*RECORDS SHOWN*:
■ ■ ■
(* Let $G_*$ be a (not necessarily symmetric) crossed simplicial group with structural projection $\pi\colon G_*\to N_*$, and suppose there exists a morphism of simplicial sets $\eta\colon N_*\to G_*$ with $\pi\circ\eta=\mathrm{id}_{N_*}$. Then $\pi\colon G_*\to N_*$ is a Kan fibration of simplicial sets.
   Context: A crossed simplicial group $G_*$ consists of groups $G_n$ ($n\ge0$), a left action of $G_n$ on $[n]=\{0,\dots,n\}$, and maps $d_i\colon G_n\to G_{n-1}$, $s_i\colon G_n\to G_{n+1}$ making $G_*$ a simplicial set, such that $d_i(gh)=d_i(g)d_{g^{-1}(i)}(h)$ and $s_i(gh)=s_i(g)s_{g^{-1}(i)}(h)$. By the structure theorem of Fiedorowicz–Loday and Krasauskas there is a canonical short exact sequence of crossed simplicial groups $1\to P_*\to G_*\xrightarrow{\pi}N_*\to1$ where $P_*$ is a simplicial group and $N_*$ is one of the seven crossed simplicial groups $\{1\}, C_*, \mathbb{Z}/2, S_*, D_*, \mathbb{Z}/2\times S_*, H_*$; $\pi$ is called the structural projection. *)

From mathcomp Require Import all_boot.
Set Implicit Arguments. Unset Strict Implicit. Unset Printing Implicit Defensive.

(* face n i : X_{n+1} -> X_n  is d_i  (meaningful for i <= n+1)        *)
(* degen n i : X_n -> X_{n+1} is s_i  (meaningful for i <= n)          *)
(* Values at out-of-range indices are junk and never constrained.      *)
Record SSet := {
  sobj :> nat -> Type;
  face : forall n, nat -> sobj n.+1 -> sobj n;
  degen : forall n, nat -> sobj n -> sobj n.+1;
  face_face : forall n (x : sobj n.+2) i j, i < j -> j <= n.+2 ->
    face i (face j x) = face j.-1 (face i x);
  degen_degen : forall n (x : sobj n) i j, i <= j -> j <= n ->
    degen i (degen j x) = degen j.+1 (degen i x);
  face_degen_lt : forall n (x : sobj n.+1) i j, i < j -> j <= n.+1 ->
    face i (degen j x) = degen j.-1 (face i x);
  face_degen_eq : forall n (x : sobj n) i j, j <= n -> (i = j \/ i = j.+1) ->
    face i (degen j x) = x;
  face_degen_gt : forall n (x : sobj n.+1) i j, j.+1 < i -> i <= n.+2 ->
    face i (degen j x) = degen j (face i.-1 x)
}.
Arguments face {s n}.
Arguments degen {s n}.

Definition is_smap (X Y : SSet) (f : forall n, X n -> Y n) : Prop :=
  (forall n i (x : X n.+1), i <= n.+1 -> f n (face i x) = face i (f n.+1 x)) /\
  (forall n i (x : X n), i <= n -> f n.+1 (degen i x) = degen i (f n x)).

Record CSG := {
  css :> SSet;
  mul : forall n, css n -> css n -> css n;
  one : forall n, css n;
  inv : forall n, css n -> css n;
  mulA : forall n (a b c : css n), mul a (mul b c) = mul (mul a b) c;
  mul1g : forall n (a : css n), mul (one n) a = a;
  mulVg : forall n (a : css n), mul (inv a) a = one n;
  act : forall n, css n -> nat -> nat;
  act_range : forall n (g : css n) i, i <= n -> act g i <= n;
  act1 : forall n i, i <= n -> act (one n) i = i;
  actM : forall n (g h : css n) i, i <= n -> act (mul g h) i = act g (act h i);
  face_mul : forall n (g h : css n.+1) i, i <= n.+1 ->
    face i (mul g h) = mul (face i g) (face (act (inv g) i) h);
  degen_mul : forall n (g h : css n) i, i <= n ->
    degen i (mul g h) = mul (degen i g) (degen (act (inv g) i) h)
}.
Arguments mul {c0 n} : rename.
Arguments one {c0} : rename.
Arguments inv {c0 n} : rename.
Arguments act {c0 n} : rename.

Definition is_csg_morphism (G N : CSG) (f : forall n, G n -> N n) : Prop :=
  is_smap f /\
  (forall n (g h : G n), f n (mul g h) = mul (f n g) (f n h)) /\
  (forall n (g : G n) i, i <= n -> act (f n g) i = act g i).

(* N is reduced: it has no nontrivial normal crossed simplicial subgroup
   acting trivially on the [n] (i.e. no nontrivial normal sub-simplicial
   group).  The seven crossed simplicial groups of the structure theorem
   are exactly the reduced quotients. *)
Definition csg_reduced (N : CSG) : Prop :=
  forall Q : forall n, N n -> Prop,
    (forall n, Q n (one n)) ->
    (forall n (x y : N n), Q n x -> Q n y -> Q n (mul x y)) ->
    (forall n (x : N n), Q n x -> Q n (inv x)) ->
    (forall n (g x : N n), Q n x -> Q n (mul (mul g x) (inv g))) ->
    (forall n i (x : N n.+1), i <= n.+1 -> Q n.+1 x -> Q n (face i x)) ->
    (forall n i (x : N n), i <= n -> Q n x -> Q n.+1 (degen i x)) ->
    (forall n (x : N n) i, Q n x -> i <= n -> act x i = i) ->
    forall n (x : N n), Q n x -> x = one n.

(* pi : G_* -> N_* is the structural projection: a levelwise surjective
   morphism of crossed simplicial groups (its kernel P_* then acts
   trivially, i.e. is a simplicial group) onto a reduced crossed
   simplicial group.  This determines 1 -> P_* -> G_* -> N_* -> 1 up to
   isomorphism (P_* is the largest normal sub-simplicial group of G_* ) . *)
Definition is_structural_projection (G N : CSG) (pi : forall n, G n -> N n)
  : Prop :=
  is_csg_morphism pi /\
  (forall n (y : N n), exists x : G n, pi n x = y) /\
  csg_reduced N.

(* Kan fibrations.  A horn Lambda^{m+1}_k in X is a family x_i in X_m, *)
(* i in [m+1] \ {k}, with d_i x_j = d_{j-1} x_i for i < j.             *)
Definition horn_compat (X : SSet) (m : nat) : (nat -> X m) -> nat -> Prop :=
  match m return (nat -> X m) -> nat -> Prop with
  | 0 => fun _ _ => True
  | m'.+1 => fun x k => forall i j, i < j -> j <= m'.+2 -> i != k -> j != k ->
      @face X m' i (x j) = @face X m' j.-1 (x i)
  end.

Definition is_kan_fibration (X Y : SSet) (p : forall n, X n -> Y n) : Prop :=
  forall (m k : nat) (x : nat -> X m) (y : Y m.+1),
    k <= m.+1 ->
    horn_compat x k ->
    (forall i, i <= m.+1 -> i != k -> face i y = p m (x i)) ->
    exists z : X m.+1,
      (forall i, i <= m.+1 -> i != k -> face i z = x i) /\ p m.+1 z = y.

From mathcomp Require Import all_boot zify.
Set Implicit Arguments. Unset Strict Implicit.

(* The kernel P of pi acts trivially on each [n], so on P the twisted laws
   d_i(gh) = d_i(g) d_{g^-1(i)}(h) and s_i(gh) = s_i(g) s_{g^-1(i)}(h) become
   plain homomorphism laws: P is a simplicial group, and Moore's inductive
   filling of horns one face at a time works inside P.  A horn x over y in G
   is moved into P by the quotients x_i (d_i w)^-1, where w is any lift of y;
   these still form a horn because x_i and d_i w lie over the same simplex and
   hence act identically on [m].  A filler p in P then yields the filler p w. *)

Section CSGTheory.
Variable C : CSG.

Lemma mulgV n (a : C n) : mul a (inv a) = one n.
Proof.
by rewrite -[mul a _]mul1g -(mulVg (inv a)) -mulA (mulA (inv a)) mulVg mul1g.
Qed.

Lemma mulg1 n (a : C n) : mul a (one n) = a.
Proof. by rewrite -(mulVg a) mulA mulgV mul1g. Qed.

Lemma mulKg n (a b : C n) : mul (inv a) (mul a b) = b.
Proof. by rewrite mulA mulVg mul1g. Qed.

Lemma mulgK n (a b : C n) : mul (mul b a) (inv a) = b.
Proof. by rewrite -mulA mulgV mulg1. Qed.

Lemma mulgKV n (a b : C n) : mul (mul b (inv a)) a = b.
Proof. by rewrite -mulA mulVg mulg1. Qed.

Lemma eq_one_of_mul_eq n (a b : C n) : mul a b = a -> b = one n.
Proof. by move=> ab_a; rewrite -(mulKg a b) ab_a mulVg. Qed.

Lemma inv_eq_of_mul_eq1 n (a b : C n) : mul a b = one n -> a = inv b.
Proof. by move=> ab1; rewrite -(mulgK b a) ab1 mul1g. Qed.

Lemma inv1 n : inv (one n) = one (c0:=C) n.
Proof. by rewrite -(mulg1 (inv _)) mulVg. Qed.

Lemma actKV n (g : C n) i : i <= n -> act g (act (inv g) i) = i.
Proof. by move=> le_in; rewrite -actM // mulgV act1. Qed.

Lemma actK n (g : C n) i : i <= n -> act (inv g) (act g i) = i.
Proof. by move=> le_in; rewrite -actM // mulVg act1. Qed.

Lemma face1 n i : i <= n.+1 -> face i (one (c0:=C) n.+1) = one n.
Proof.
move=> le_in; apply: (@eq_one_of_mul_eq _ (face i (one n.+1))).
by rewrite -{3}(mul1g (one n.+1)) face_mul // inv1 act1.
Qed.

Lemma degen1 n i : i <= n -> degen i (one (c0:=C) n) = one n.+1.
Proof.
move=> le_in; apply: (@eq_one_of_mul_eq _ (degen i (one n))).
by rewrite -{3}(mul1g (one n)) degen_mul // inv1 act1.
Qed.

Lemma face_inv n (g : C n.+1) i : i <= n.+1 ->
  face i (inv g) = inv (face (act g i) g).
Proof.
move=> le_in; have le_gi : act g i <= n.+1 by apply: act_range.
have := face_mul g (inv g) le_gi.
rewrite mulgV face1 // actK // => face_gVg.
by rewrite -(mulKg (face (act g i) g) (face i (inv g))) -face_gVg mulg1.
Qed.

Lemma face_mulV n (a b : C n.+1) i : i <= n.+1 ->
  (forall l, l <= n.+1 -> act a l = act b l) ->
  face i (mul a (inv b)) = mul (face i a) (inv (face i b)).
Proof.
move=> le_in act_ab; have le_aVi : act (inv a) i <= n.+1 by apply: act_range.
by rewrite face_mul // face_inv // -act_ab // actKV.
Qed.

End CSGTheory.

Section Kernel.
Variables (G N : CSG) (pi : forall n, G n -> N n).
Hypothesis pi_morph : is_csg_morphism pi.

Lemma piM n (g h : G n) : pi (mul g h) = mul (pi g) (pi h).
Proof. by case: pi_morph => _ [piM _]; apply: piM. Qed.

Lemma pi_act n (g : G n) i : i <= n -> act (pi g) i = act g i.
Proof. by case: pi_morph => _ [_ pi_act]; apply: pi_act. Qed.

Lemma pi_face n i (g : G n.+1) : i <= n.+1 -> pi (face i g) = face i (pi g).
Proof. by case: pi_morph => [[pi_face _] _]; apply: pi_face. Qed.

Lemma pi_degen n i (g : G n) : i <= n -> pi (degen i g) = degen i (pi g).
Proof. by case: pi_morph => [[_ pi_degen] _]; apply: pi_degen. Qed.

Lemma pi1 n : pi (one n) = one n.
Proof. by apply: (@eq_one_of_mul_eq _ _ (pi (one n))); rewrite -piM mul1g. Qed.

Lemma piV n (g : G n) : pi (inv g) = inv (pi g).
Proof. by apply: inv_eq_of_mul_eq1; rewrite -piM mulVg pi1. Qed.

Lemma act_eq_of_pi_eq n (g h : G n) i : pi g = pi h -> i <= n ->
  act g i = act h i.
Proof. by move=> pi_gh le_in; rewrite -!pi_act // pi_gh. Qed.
■ ■ ■
*WORK TO BE COMPLETED*:
Using the material above, return every line that holds the string "acts".

*FINISHED TASK*:
   morphism of crossed simplicial groups (its kernel P_* then acts
(* The kernel P of pi acts trivially on each [n], so on P the twisted laws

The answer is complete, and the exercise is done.